(Records shown)
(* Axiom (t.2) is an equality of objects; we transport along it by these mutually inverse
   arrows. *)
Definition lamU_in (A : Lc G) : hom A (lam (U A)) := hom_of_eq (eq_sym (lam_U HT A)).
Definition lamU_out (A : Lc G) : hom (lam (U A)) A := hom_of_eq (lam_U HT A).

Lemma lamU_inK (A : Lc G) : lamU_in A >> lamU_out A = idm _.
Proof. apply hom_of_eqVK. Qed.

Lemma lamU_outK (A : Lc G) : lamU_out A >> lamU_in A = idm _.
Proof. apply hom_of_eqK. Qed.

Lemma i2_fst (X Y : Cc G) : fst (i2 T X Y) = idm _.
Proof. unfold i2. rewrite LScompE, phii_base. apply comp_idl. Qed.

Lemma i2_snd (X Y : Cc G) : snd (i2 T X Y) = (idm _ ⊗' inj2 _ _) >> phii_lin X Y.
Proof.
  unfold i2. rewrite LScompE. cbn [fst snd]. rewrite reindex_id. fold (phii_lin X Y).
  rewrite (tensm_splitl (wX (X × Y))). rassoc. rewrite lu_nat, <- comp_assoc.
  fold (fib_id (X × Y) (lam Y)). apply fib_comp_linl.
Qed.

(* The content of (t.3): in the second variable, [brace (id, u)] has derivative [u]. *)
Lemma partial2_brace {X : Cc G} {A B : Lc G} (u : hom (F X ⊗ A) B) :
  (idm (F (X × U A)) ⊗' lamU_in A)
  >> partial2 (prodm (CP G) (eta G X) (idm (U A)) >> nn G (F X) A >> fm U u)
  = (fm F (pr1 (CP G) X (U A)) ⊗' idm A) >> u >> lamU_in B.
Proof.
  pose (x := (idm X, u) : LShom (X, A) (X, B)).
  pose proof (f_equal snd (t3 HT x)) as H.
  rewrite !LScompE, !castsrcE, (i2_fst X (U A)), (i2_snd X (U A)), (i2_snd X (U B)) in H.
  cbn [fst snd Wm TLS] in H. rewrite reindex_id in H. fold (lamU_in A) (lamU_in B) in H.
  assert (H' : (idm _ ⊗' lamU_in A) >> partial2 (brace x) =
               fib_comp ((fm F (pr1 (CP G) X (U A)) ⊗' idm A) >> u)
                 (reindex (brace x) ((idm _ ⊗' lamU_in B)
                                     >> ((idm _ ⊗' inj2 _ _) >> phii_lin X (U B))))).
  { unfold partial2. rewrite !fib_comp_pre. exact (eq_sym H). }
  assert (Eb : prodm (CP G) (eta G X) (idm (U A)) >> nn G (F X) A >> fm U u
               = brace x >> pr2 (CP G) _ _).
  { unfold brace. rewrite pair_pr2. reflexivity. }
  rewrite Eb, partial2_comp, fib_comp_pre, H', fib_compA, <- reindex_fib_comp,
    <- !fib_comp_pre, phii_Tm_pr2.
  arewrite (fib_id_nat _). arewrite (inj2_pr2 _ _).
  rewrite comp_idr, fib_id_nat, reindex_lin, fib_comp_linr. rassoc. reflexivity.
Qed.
(End Records shown)
Search the entries for the word "reflexivity" and pick out every line that holds it.

Reply to the exercise>
  { unfold brace. rewrite pair_pr2. reflexivity. }
  rewrite comp_idr, fib_id_nat, reindex_lin, fib_comp_linr. rassoc. reflexivity.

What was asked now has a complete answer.